= James Hamilton (photographer) =

American photographer

James Hamilton (born 1946) is an American photographer, best known for his documentation of the New York City film, art and music scene of the 1970s and 1980s.

==Life==
James Hamilton was born in Baltimore. His career began as a painting student at Pratt Institute, in Brooklyn, NY, where he studied from fall, 1964 to summer, 1966. He swiftly changed gears after securing a summer job at the studio of fashion photographer Alberto Rizzo. It was while employed there that Hamilton learned to use a darkroom and purchased his first camera, a Nikon Rangefinder, which he traded with Rizzo for a Nikon F. His passion for photography was ignited by shooting in the street, as opposed to the confines of the studio. By summer’s end James had decided not to finish his last two years at the school, but to instead remain at the studio with Rizzo.

In 1969 Hamilton began hitch-hiking around the US, spending five months on the road capturing images wherever he landed. While traveling through Texas, the young photographer found out about a music festival taking place in a nearby town. He created fake press passes and spent three days shooting musicians as they performed at the Texas International Pop Festival. Upon his return to New York City he built a darkroom in his apartment, processed the film, and began printing. He took the images from the festival to the newly launched music magazine, Crawdaddy! and was hired on the spot as their staff photographer. It was then that Hamilton began to capture the steady stream of bands that came through the city, spending weekends shooting at the Fillmore East and, according to James, "...covering the music life of NYC." He continues, "I never set out to photograph celebrities, and never really thought of myself as a 'portrait photographer'... I had always carried my camera wherever I went, using it to create a sort of personal history and a way of finding adventure." Thus began a decades long career that would find Hamilton photographing the NYC music scene during some of its most fervent and fertile years, capturing the likes of Nico, Patti Smith, Tom Verlaine, Beastie Boys, and James Brown.

Hamilton served as staff photographer for numerous publications, including Crawdaddy! (1969-1971), The Herald (1971), Harper’s Bazaar (1971-1975), the Village Voice (1974-1993), and the New York Observer (1993-2009) while contributing to many iconic magazines including Rolling Stone, Vanity Fair and New York.

==War photography==

During the late 1970s and throughout the 1980s, Hamilton photographed war and civil unrest in areas including El Salvador, Honduras, Nicaragua, Guatemala, Haiti and Grenada. He was situated in the Philippines during the overthrow of Ferdinand Marcos, and in Beijing during the Tiananmen Square massacre (sneaking photos past authorities that became some of the few to appear in US newspapers).

==Film photography==
In 1980, Hamilton began also shooting stills for films. After meeting George A. Romero, Hamilton was enlisted to capture stills for his next two movies, Knightriders and Creepshow, following with work for Francis Ford Coppola on the set of The Outsiders. He went on to shoot extensively with Wes Anderson, photographing the sets of The Royal Tenenbaums, The Life Aquatic with Steve Zissou, and The Darjeeling Limited, as well as on the set of Noah Baumbach’s The Squid and the Whale.

==Books==

In 1977 Pinball! was published by E. P. Dutton in New York. Hamilton shot the photographs and Roger C. Sharpe authored the text. The book provides a detailed chronicle of pinball's rise and becoming of a national pastime, starting with its pre-war roots and tracing its history up to its ubiquity in now long-extinct bars, penny arcades, and coffee houses across the US and in Europe. Hamilton's color photographs of the machines themselves, as well as the places in which they lived and the people who played them, provides viewers with a time capsule of the pinball-crazed era of the mid-seventies.

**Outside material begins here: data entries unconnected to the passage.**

Lemma rankZ_block (A : 'M[K]_(dyt, dxt)) i j :
  rankZ (block_mx A 1%:M 1%:M 0 : Ymat K n dy dx) i j =
  (psum sxr (xlo n i j) + psum sy (ylo n i j) + corner_rank A i j)%N.
Proof.
rewrite /rankZ.
set P := sumn _; set Q := sumn _.
have -> : \rank (\matrix_(a < P, b < Q) mxe (block_mx A 1%:M 1%:M 0) a b)
   = rank_on (mxe (block_mx A 1%:M 1%:M 0)) (iota 0 P) (iota 0 Q).
  rewrite -(rank_onE _ (size_iota 0 P) (size_iota 0 Q)); congr (\rank _).
  by apply/matrixP => a b; rewrite !mxE !nth_iota.
have hP : (P <= dyt + dxt)%N by rewrite /dyt /dxt -sumn_cat psum_le_sumn.
have hQ : (Q <= dxt + dyt)%N by rewrite /dyt /dxt -sumn_cat psum_le_sumn.
rewrite rank_corner_id //.
rewrite /P /Q -/(psum _ i) -/(psum _ j) /zrows /zcols /dyt /dxt.
rewrite !psum_cat_subl !psum_cat_minl size_sy size_sxr !psum_min.
by rewrite /corner_rank /yrows /xcols -!iota_psum //; rewrite /ylo /yhi /xlo /xhi; lia.
Qed.

Lemma MQ_arrow_block (V : rep K n dy dx) a b : (a < dyt)%N -> (b < dxt)%N ->
  mxe (MQ V) a b != 0 -> arrow_block n (bidx sy a) (bidx sxr b).
Proof.
move=> ha hb; rewrite (mxeE _ ha hb) mxE /= /arrow_block.
case: insubP => [i _ ei|]; last by rewrite eqxx.
have hq := bidx_sxr hb.
case: (bidx sy a =P i) => [-> _|_]; first by rewrite ei eqxx.
case: (bidx sy a =P i.+1) => [-> _|_]; last by rewrite eqxx.
by rewrite ei (_ : (n - (bidx sxr b).+1).+1 = n - bidx sxr b)%N ?eqxx ?orbT //; lia.
Qed.

Lemma eq_rank_on_MQ (V : rep K n dy dx) (Pr Jr Pc Jc : pred nat) :
  (forall p q, (p <= n)%N -> (q < n)%N -> arrow_block n p q ->
     Pr p && Pc q = Jr p && Jc q) ->
  rank_on (mxe (MQ V)) [seq a <- iota 0 dyt | Pr (bidx sy a)]
                       [seq b <- iota 0 dxt | Pc (bidx sxr b)] =
  rank_on (mxe (MQ V)) [seq a <- iota 0 dyt | Jr (bidx sy a)]
                       [seq b <- iota 0 dxt | Jc (bidx sxr b)].
Proof.
move=> agree; apply: eq_rank_on_filter => a b; rewrite !mem_iota !add0n.
move=> /andP[_ ha] /andP[_ hb] /(MQ_arrow_block ha hb).
exact: agree (bidx_sy ha) (bidx_sxr hb).
Qed.

End QuiverBlocks.

Section CornerRanks.
Variables (K : fieldType) (n : nat) (dy dx : nat -> nat).
Local Open Scope ring_scope.

Local Notation sy := (sy n dy).
Local Notation sxr := (sxr n dx).
Local Notation dyt := (dyt n dy).
Local Notation dxt := (dxt n dx).
Local Notation rep := (rep K n dy dx).

Lemma corner_rank_interval i j : (1 <= i <= 2 * n + 1)%N -> (1 <= j <= 2 * n + 1)%N ->
  exists a0 b0, (a0 <= b0 <= 2 * n)%N /\
    forall V : rep, corner_rank (MQ V) i j = rJ V a0 b0.
Proof.
move=> hi hj; have [a0 [b0 [hab agree]]] := corner_interval hi hj.
exists a0, b0; split=> // V.
exact: (@eq_rank_on_MQ K n dy dx V (fun p => ylo n i j <= p < yhi n i)%N
  (fun p => inJ a0 b0 (2 * p)%N) (fun q => xlo n i j <= q < xhi n j)%N
  (fun q => inJ a0 b0 (2 * (n - q)).-1%N) agree).
Qed.

Lemma interval_corner_rank a0 b0 : (1 <= n)%N -> (a0 <= b0 <= 2 * n)%N ->
  exists i j, [/\ (1 <= i <= 2 * n + 1)%N, (1 <= j <= 2 * n + 1)%N &
    forall V : rep, rJ V a0 b0 = corner_rank (MQ V) i j].
Proof.
move=> hn hab; have [i [j [hi hj agree]]] := interval_corner hn hab.
exists i, j; split=> // V; symmetry.
exact: (@eq_rank_on_MQ K n dy dx V (fun p => ylo n i j <= p < yhi n i)%N
  (fun p => inJ a0 b0 (2 * p)%N) (fun q => xlo n i j <= q < xhi n j)%N
  (fun q => inJ a0 b0 (2 * (n - q)).-1%N) agree).
Qed.

Lemma corner_rank_off_arrows a b : (1 <= n)%N -> (a < dyt)%N -> (b < dxt)%N ->
  ~~ arrow_block n (bidx sy a) (bidx sxr b) ->
  exists i j, [/\ (1 <= i <= 2 * n + 1)%N, (1 <= j <= 2 * n + 1)%N,
    a \in yrows n dy (ylo n i j) (yhi n i), b \in xcols n dx (xlo n i j) (xhi n j) &
    forall V : rep, corner_rank (MQ V) i j = 0%N].
Proof.
move=> hn ha hb off.
have [i [j [hi hj /andP[ai bj] isol]]] :=
  corner_isolates hn (bidx_sy ha) (bidx_sxr hb) off.
exists i, j; split=> //.
- by rewrite mem_filter ai mem_iota.
- by rewrite mem_filter bj mem_iota.
move=> V; rewrite /corner_rank (@eq_rank_on_MQ K n dy dx V
  (fun p => ylo n i j <= p < yhi n i)%N pred0 (fun q => xlo n i j <= q < xhi n j)%N pred0).
  by rewrite filter_pred0 rank_on_nil.
by move=> p q hp hq /(isol p q hp hq)/negbTE.
Qed.

Definition rep_of_mx (A : 'M[K]_(dyt, dxt)) : rep :=
  Rep (fun i => \matrix_(a < dy i, b < dx i.+1)
                  mxe A (psum sy i + a) (psum sxr (n - i.+1) + b))
      (fun i => \matrix_(a < dy i.+1, b < dx i.+1)
                  mxe A (psum sy i.+1 + a) (psum sxr (n - i.+1) + b)).

Lemma MQ_rep_of_mx (A : 'M[K]_(dyt, dxt)) :
  (forall a b, (a < dyt)%N -> (b < dxt)%N ->
     ~~ arrow_block n (bidx sy a) (bidx sxr b) -> mxe A a b = 0) ->
  MQ (rep_of_mx A) = A.
Proof.
move=> offA; apply/matrixP => a b; rewrite mxE /=.
have ha := ltn_ord a; have hb := ltn_ord b.
have hq := bidx_sxr hb; have hoa := boff_lt ha; have hob := boff_lt hb.
rewrite nth_sxr // in hob.
set q := bidx sxr b in hq hob *; set p := bidx sy a in hoa *.
have hi : (n - q.+1 < n)%N by lia.
have eq_ob : (psum sxr (n - (n - q.+1).+1) + boff sxr b)%N = b.
  by rewrite (_ : (n - (n - q.+1).+1)%N = q) ?psum_bidx_boff //; lia.
have ob_lt : (boff sxr b < dx (n - q.+1).+1)%N by rewrite (_ : (n - q.+1).+1 = n - q)%N //; lia.
rewrite (insubT (fun x => x < n)%N hi) /=.
case: (p =P n - q.+1)%N => [e|ne].
  have oa_lt : (boff sy a < dy (n - q.+1))%N by rewrite -e -(@nth_sy n dy) // e; lia.
  rewrite (mxeE _ oa_lt ob_lt) mxE -mxe_ord /= eq_ob; congr (mxe A _ _).
  by rewrite -e (psum_bidx_boff ha).
case: (p =P (n - q.+1).+1)%N => [e|ne2].
  have oa_lt : (boff sy a < dy (n - q.+1).+1)%N by rewrite -e -(@nth_sy n dy) // e; lia.
  rewrite (mxeE _ oa_lt ob_lt) mxE -mxe_ord /= eq_ob; congr (mxe A _ _).
  by rewrite -e (psum_bidx_boff ha).
by rewrite -mxe_ord offA // /arrow_block; apply/norP; split; apply/eqP; lia.
Qed.
(* Let $\varepsilon$ be a real random variable with distribution $\mu_\varepsilon$, and suppose there are $z_0\in\mathbb{R}$ and $t>0$ such that $P(\varepsilon\in\{z_0+tz:z\in\mathbb{N}_0\})=1$ and $F_\varepsilon\{z_0\}>0$. Let $\lambda_{z_0}:=(F_\varepsilon\{z_0\})^{-1}$ and $\ddot u_{\varepsilon,+}(z):=\delta_{z,0}-\lambda_{z_0}F_\varepsilon\{z_0+tz\}$ for $z\in\mathbb{Z}$. Let $A\in\mathcal{B}(\mathbb{R})$ and $m_{t,A}:=\max\{a: a\in\mathbb{Z}\cap t^{-1}A\}$ (with $m_{t,A}:=-\infty$ if $\mathbb{Z}\cap t^{-1}A=\emptyset$), and suppose $m_{t,A}<\infty$. Then $$\sup_{m\in\mathbb{N}_0}|\Pi\{\delta_{\{-z_0\}}\}|(A,m)<\infty,$$ and for each fixed $m_0\in\mathbb{N}_0$ with $m_0\ge m_{t,A}$, $$\lim_{m\to\infty}\Pi\{\delta_{\{-z_0\}}\}(A,m)=\lambda_{z_0}\,\Pi\{\lambda_{z_0}\delta_{\{-z_0\}}\}(A,m_0)=\lambda_{z_0}\sum_{z=0}^\infty\gamma\{\ddot u_{\varepsilon,+}\}(z)\,\delta_{\{tz\}}(A).$$
   Context: $F_\varepsilon\{x\}:=P(\varepsilon=x)$. $\delta_{\{x\}}$ is the Dirac measure at $x$ and $\delta_{z,0}=1$ if $z=0$, else $0$. For finite complex Borel measures $\mu,\nu$ on $\mathbb{R}$, $(\mu*\nu)(B):=\int\int\mathbf 1_B(x+y)\nu(dx)\mu(dy)$; $\mu^{*0}:=\delta_{\{0\}}$, $\mu^{*j}:=\mu*\mu^{*(j-1)}$. For a finite complex Borel measure $\eta$ on $\mathbb{R}$, set $\pi_{\eta*\mu_\varepsilon}:=\delta_{\{0\}}-\eta*\mu_\varepsilon$ and $\Pi\{\eta\}(B,m):=\sum_{\ell=0}^m\pi_{\eta*\mu_\varepsilon}^{*\ell}(B)$ for $B\in\mathcal{B}(\mathbb{R})$, $m\in\mathbb{N}_0$; $|\Pi\{\eta\}|(A,m)$ denotes the total variation on $A$ of the complex measure $\Pi\{\eta\}(\cdot,m)$. Discrete convolution powers: $\ddot u^{*0}(z):=\delta_{z,0}$, $\ddot u^{*j}(z):=\sum_{y\in\mathbb{Z}}\ddot u(z-y)\ddot u^{*(j-1)}(y)$; $\gamma\{\ddot u\}(z):=\sum_{j=0}^{z}\ddot u^{*j}(z)$ for $z\in\mathbb{Z}$ (empty sum $=0$). *)

From HB Require Import structures.
From mathcomp Require Import all_boot all_order all_algebra.
From mathcomp Require Import all_classical all_reals all_analysis.
Set Implicit Arguments. Unset Strict Implicit. Unset Printing Implicit Defensive.
Import Order.TTheory GRing.Theory Num.Theory.
Import numFieldNormedType.Exports.
Local Open Scope classical_set_scope.
Local Open Scope ring_scope.

Section Defs.
Variable R : realType.

(* Finite (signed) Borel measures on R are represented by their set functions
   [set R -> R]; all measures in the theorem are real-valued. *)

Definition rdirac (x : R) : set R -> R := fun B => \1_B x.

(* Lebesgue integral of a bounded Borel function g against the finite signed
   measure nu, defined as the limit of the integrals of the simple functions
   (k/n) on the level sets {k/n <= g < (k+1)/n}, |k| <= n^2. *)
Definition sint (nu : set R -> R) (g : R -> R) : R :=
  limn (fun n : nat => \sum_(k < (2 * (n * n)).+1)
    let c := ((k%:R - (n * n)%:R) / n%:R) in
    c * nu [set y | c <= g y < c + n%:R^-1]).
(* Let $C$ be the closed disk with center $(a,b)$ and radius $r>0$; for $i\in\mathbb{N}$ let $C_i$ be the closed disk with center $(ia,ib)$ and radius $ir$; let $\mathcal{S}=\bigcup_{i\geq0}C_i\cap\mathbb{N}^2$ and assume $\mathcal{S}$ is finitely generated. Let $\tau_1,\tau_2$ be the extremal rays of $L_{\mathbb{Q}_{\geq}}(C\cap\mathbb{R}^2_{\geq})$, $\mathcal{C}=L_{\mathbb{Q}_{\geq}}(C\cap\mathbb{R}^2_{\geq})\cap\mathbb{N}^2$, and for $j=1,2$ let $g_j$ be the generator of $\mathcal{C}\cap\tau_j$ (so $\mathcal{C}\cap\tau_j=\mathbb{N}g_j$). Let $M$ be the maximum of $\|g\|_1$ over the minimal system of generators $g$ of $\mathcal{C}$; let $l$ be the cardinality of the finite set $\mathrm{int}(\mathcal{C})\setminus\mathrm{int}(\mathcal{S})$; and let $k$ be the maximum of the integers $\lambda$ such that $\lambda g_j$ ($j\in\{1,2\}$) is a minimal generator of $\mathcal{S}\cap\tau_j$. Then every element $s$ of the minimal system of generators of $\mathcal{S}$ satisfies $$\|s\|_1\le 3^l(2k-1)M.$$
   Context: $\mathbb{N}=\{0,1,2,\dots\}$; $\|(x_1,\dots,x_n)\|_1=\sum|x_i|$. For $A\subseteq\mathbb{R}^2_{\geq}$, $L_{\mathbb{Q}_{\geq}}(A)=\{\sum_{i=1}^p q_ia_i\mid p\in\mathbb{N},\ q_i\in\mathbb{Q}_{\geq},\ a_i\in A\}$ and its extremal rays are its two boundary half-lines from the origin. For a subset $A$ of this cone, $\mathrm{int}(A)=A\setminus(\tau_1\cup\tau_2)$. Minimal system of generators: a generating set (under non-negative integer combinations) no proper subset of which generates. *)

From Stdlib Require Import Reals QArith List.
Open Scope R_scope.

Definition pt := (R * R)%type.

Definition disk (a b r : R) (p : pt) : Prop :=
  (fst p - a) ^ 2 + (snd p - b) ^ 2 <= r ^ 2.

Definition nonneg_quadrant (p : pt) : Prop := 0 <= fst p /\ 0 <= snd p.

Definition embed (p : nat * nat) : pt := (INR (fst p), INR (snd p)).

Fixpoint qcomb (l : list (Q * pt)) : pt :=
  match l with
  | nil => (0, 0)
  | (q, x) :: l' => let s := qcomb l' in
      (Q2R q * fst x + fst s, Q2R q * snd x + snd s)
  end.

Definition LQ (A : pt -> Prop) (x : pt) : Prop :=
  exists l : list (Q * pt),
    (forall qa, In qa l -> (0 <= fst qa)%Q /\ A (snd qa)) /\ x = qcomb l.

Definition cone_of_disk (a b r : R) : pt -> Prop :=
  LQ (fun x => disk a b r x /\ nonneg_quadrant x).

Definition circle_semigroup (a b r : R) (p : nat * nat) : Prop :=
  exists i : nat, disk (INR i * a) (INR i * b) (INR i * r) (embed p).

Definition cone_semigroup (a b r : R) (p : nat * nat) : Prop :=
  cone_of_disk a b r (embed p).

Definition ray (u : pt) (x : pt) : Prop :=
  exists t, 0 <= t /\ x = (t * fst u, t * snd u).

Definition det (u x : pt) : R := fst u * snd x - snd u * fst x.

Definition in_closure (K : pt -> Prop) (x : pt) : Prop :=
  forall eps, 0 < eps ->
    exists y, K y /\ Rabs (fst x - fst y) + Rabs (snd x - snd y) < eps.

(* boundary half-line of a planar cone K: a half-line contained in the
   closure of K such that K lies entirely on one side of its supporting line *)
Definition is_extremal_ray (K : pt -> Prop) (u : pt) : Prop :=
  u <> (0, 0) /\
  (forall x, ray u x -> in_closure K x) /\
  ((forall x, K x -> 0 <= det u x) \/ (forall x, K x -> det u x <= 0)).

Definition interior_pts (u1 u2 : pt) (A : nat * nat -> Prop) (p : nat * nat) : Prop :=
  A p /\ ~ ray u1 (embed p) /\ ~ ray u2 (embed p).

Inductive gen_by (G : nat * nat -> Prop) : nat * nat -> Prop :=
| gen_by0 : gen_by G (0%nat, 0%nat)
| gen_byS : forall g x, G g -> gen_by G x ->
    gen_by G ((fst g + fst x)%nat, (snd g + snd x)%nat).

Definition generates (M G : nat * nat -> Prop) : Prop :=
  forall x, M x <-> gen_by G x.

Definition finitely_generated (M : nat * nat -> Prop) : Prop :=
  exists l : list (nat * nat), generates M (fun x => In x l).

Definition min_gen_system (M G : nat * nat -> Prop) : Prop :=
  generates M G /\
  forall G' : nat * nat -> Prop,
    (forall x, G' x -> G x) -> generates M G' -> forall x, G x -> G' x.

Definition norm1 (p : nat * nat) : nat := (fst p + snd p)%nat.

Definition scale (n : nat) (p : nat * nat) : nat * nat :=
  ((n * fst p)%nat, (n * snd p)%nat).

From Stdlib Require Import Reals QArith List.
From Stdlib Require Import Qreals Lra Lia Classical Wf_nat.
Open Scope R_scope.

(* Cut the cone C out by two additive functionals phi1, phi2 that are nonnegative on C and
   vanish exactly on the extremal rays, and call the interior points of C outside S holes.
   An atom s of S lying on a ray is a multiple of g_j that is an atom of S on that ray, so
   ||s|| <= k M.  Otherwise write s as a sum of minimal generators of C: interior ones, each of
   norm <= M, plus p g1 + q g2.  Since s is an atom, every splitting of s into two interior
   points produces a hole.  Cutting the sum after each of its prefixes therefore yields at
   most 2l+1 summands when two interior generators occur, and comparing with the smallest
   multiple lambda g_j in S (lambda <= k, found thanks to finite generation) makes the points
   s - t lambda g_j holes, so p, q < (l+1) k.  In all cases there are at most
   (2l+1)(2k-1) <= 3^l (2k-1) summands. *)

Notation P2 := (nat * nat)%type (only parsing).
Definition z0 : P2 := (0%nat, 0%nat).
Definition padd (x y : P2) : P2 := ((fst x + fst y)%nat, (snd x + snd y)%nat).
Fixpoint psum (l : list P2) : P2 :=
  match l with nil => z0 | x :: l' => padd x (psum l') end.
Lemma big_perm_on_insert A x (F : {perm T} -> nat) : x \in A ->
  \sum_(s | perm_on A s) F s =
  \sum_(y in A) \sum_(s | perm_on (A :\ x) s) F (tperm x y * s)%g.
Proof.
move=> xA.
pose ins (p : T * {perm T}) := (tperm x p.1 * p.2)%g.
pose del (s : {perm T}) := (s^-1%g x, (tperm x (s^-1%g x) * s)%g).
rewrite (reindex_onto ins del); last by move=> s _; rewrite /ins tpermKg.
rewrite pair_big /=; apply: eq_big => [[y s]|//] /=.
rewrite /ins /del /=; apply/idP/idP.
  case/andP=> tsA /eqP [e1 e2].
  have sx : s x = x.
    move: e1; rewrite invMg permM tpermV.
    case: (eqVneq (s^-1%g x) x) => [sVx _|sVx]; first by rewrite -{1}sVx permKV.
    case: tpermP => [e|e ey|_ ny ey]; first by rewrite e eqxx in sVx.
      by rewrite e ey eqxx in sVx.
    by rewrite ey in ny.
  have yA : y \in A.
    apply: contraT => yA; have := out_perm tsA yA.
    by rewrite permM tpermR sx => yx; rewrite -yx xA in yA.
  rewrite yA /=; apply: perm_onD1 sx.
  by rewrite -(tpermKg x y s); apply: perm_onM => //; apply: perm_on_tperm.
case/andP=> yA sA; have sx := perm_onD1_fixed sA.
have sVx : s^-1%g x = x by rewrite -{1}sx permK.
rewrite perm_onM ?perm_on_tperm //=; last by apply: subset_trans sA _; rewrite subD1set.
by rewrite invMg permM sVx tpermV tpermL tpermKg.
Qed.

End CyclePoints.

Lemma sum_eqn_indicator k v (H : nat -> nat) :
  \sum_(1 <= l < k.+1) (v == l) * H l = ((0 < v) && (v <= k)) * H v.
Proof.
elim: k => [|k IH]; first by rewrite big_geq //; case: v => [|[]].
rewrite big_nat_recr //= IH; case: (eqVneq v k.+1) => [->|ne].
  by rewrite ltnn andbF /= leqnn mul0n add0n mul1n.
rewrite mul0n addn0; congr (_ * _); congr nat_of_bool.
by rewrite [(v <= k.+1)%N]leq_eqVlt (negbTE ne) ltnS.
Qed.

Section ShortCycleType.
Variables (T : finType) (m : nat).
Hypothesis m_gt0 : 0 < m.
Implicit Types (s : {perm T}) (A : {set T}) (x y : T) (c : nat -> nat).

Definition short_type s A c := [forall i : 'I_m, cyclepts s A i.+1 == i.+1 * c i.+1].

Definition ntype A c := \sum_(s | perm_on A s) short_type s A c.

Definition weight c := \sum_(1 <= i < m.+1) i * c i.

Definition unfix_type c i := if i == 1 then (c i).-1 else c i.

Definition shorten_type c l i :=
  if i == l then (c i).+1 else if i == l.+1 then (c i).-1 else c i.

(* [short_type] of the permutation obtained from [s] by inserting a new point
   into an [l]-cycle, expressed in terms of [s]. *)
Definition grow_type s A c l := [forall i : 'I_m,
  cyclepts s A i.+1 + (l.+1 == i.+1) * l.+1 == i.+1 * c i.+1 + (l == i.+1) * l].

Lemma short_type_cyclepts s A c l : short_type s A c -> 0 < l <= m ->
  cyclepts s A l = l * c l.
Proof.
move=> /forallP sc /andP[l_gt0 lm]; have lm' : l.-1 < m by lia.
by have := sc (Ordinal lm'); rewrite /= prednK // => /eqP.
Qed.

Lemma short_type_fix A x s c : x \in A -> perm_on (A :\ x) s ->
  short_type s A c = (0 < c 1) && short_type s (A :\ x) (unfix_type c).
Proof.
move=> xA sA; rewrite /short_type.
have fixE i : cyclepts s A i.+1 = cyclepts s (A :\ x) i.+1 + (i == 0).
  by rewrite (cyclepts_fix _ xA sA).
have stepE i : (cyclepts s A i.+1 == i.+1 * c i.+1) =
    ((i == 0) ==> (0 < c 1)) && (cyclepts s (A :\ x) i.+1 == i.+1 * unfix_type c i.+1).
  rewrite fixE /unfix_type; case: i => [|i] /=; last by rewrite addn0.
  rewrite !mul1n addn1; case: (c 1) => [|k] //=.
apply/forallP/andP => [sc|[c1 /forallP sc] i]; last by rewrite stepE sc andbT; apply/implyP.
split; first by have := sc (Ordinal m_gt0); rewrite stepE => /andP[].
by apply/forallP => i; have := sc i; rewrite stepE => /andP[].
Qed.

Lemma short_type_insert A x y s c : x \in A -> perm_on (A :\ x) s -> y \in A :\ x ->
  short_type (tperm x y * s)%g A c = grow_type s (A :\ x) c #|porbit s y|.
Proof.
move=> xA sA yA; apply: eq_forallb => i.
have := cyclepts_insert i.+1 xA sA yA => /= e.
by apply/idP/idP => /eqP e'; apply/eqP; lia.
Qed.
Lemma matching_edge_neq adj M a b : is_matching adj M -> [set a; b] \in M -> a != b.
Proof.
move=> [edges _] /edges[p [q [pq [_ e]]]]; apply: contraNneq pq => ab.
by move: (set21 p q) (set22 p q); rewrite -e ab setUid => /set1P-> /set1P->.
Qed.

Lemma covered_setU1 M e v : covered (e |: M) v = (v \in e) || covered M v.
Proof.
apply/coveredP/orP => [[E /setU1P[->|EM] vE]|[ve|/coveredP[E EM vE]]].
- by left.
- by right; apply/coveredP; exists E.
- by exists e; rewrite ?setU11.
- by exists E; rewrite ?setU1r.
Qed.

Lemma covered_setD1 adj M e v : is_matching adj M -> e \in M ->
  covered (M :\ e) v = (v \notin e) && covered M v.
Proof.
move=> hM eM; apply/coveredP/andP => [[E /setD1P[Ee EM] vE]|[ve /coveredP[E EM vE]]].
  split; last by apply/coveredP; exists E.
  by apply: contra Ee => ve; rewrite (matching_edge_eq hM EM eM vE ve).
by exists E => //; apply/setD1P; split=> //; apply: contraNneq ve => <-.
Qed.

Lemma covered_count adj M v : is_matching adj M ->
  (covered M v : nat) = \sum_(E : {set T} | v \in E) (E \in M).
Proof.
move=> hM; have [[E0 E0M vE0]|uncov] := coveredP M v.
  rewrite (bigD1 E0) //= E0M big1 // => E /andP[vE EE0].
  by apply/eqP; rewrite eqb0; apply: contra EE0 => EM; rewrite (matching_edge_eq hM EM E0M vE vE0).
by rewrite big1 // => E vE; apply/eqP; rewrite eqb0; apply/negP => EM; apply: uncov; exists E.
Qed.

Lemma matching_setD1 adj M e : is_matching adj M -> is_matching adj (M :\ e).
Proof.
move=> [edges disj]; split=> [E /setD1P[_ /edges]//|E F /setD1P[_ EM] /setD1P[_ FM]].
exact: disj.
Qed.

Lemma matching_setU1 adj M e : is_matching adj M -> is_edge adj e ->
  (forall v, v \in e -> ~~ covered M v) -> is_matching adj (e |: M).
Proof.
move=> [edges disj] he free.
have eF F : F \in M -> [disjoint e & F].
  move=> FM; apply/pred0P => v /=; apply/negbTE/andP => [[ve vF]].
  by move/negP: (free v ve); apply; apply/coveredP; exists F.
split=> [E /setU1P[->|/edges]//|E F /setU1P[->|EM] /setU1P[->|FM]].
- by rewrite eqxx.
- by move=> _; apply: eF.
- by move=> _; rewrite disjoint_sym; apply: eF.
- exact: disj.
Qed.

Lemma matching_pairing adj M : is_matching adj M -> pairing M.
Proof. by move=> [edges disj]; split=> // E /edges[a [b [ab [_ ->]]]]; exists a, b. Qed.

Definition redistributes N1 N2 M1 M2 :=
  forall E, (E \in N1) + (E \in N2) = (E \in M1) + (E \in M2).

Lemma redistributesC N1 N2 M1 M2 :
  redistributes N1 N2 M1 M2 -> redistributes N2 N1 M1 M2.
Proof. by move=> hr E; rewrite addnC hr. Qed.

Lemma redistributes_sym N1 N2 M1 M2 :
  redistributes N1 N2 M1 M2 -> redistributes N2 N1 M2 M1.
Proof. by move=> hr E; rewrite addnC hr addnC. Qed.

Lemma redistributes_trans N1 N2 A1 A2 M1 M2 :
  redistributes N1 N2 A1 A2 -> redistributes A1 A2 M1 M2 -> redistributes N1 N2 M1 M2.
Proof. by move=> hN hA E; rewrite hN hA. Qed.

Lemma redistributes_setU1 N1 N2 M1 M2 e :
  redistributes N1 N2 (M1 :\ e) M2 -> e \in M1 -> e \notin M2 ->
  redistributes N1 (e |: N2) M1 M2.
Proof.
move=> hr eM1 eM2 E; have := hr E; rewrite !inE.
case: (eqVneq E e) => [->|_] //=; rewrite eM1 (negbTE eM2).
by case: (e \in N1); case: (e \in N2).
Qed.

Lemma covered_redistributes adj N1 N2 M1 M2 v :
  is_matching adj N1 -> is_matching adj N2 -> is_matching adj M1 -> is_matching adj M2 ->
  redistributes N1 N2 M1 M2 ->
  covered N1 v + covered N2 v = covered M1 v + covered M2 v.
Proof.
move=> hN1 hN2 hM1 hM2 hr.
by rewrite !(covered_count (adj := adj) v) // -!big_split; apply: eq_bigr => E _; apply: hr.
Qed.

In 2010, Hamilton published the monograph You Should Have Heard Just What I Seen with Ecstatic Peace Library (a division of Daydream Library), New York. The book revealed his vast archive of previously unpublished photography spanning four decades of the music scene. Containing over 300 black and white photographs, the book includes portrait sittings, performance shots, and reportage. The musicians pictured represent a wide variety of genres such as Duane Allman, Dolly Parton, Madonna, Eubie Blake, Charles Mingus, Joni Mitchell, Bing Crosby, Jerry Lee Lewis, Glenn Branca, The Ramones, Gil Scott-Heron, Laurie Anderson and Bob Marley. Also included are portraits of music critics like Robert Christgau, Legs McNeil and Nat Hentoff. Hamilton produced You Should Have Heard Just What I Seen in collaboration with Thurston Moore, whom he had photographed previously with Sonic Youth and served as the book's editor. The foreword is by Mark Jacobson. You Should Have Heard Just What I Seen received press from Vanity Fair, New Yorker and Another Magazine.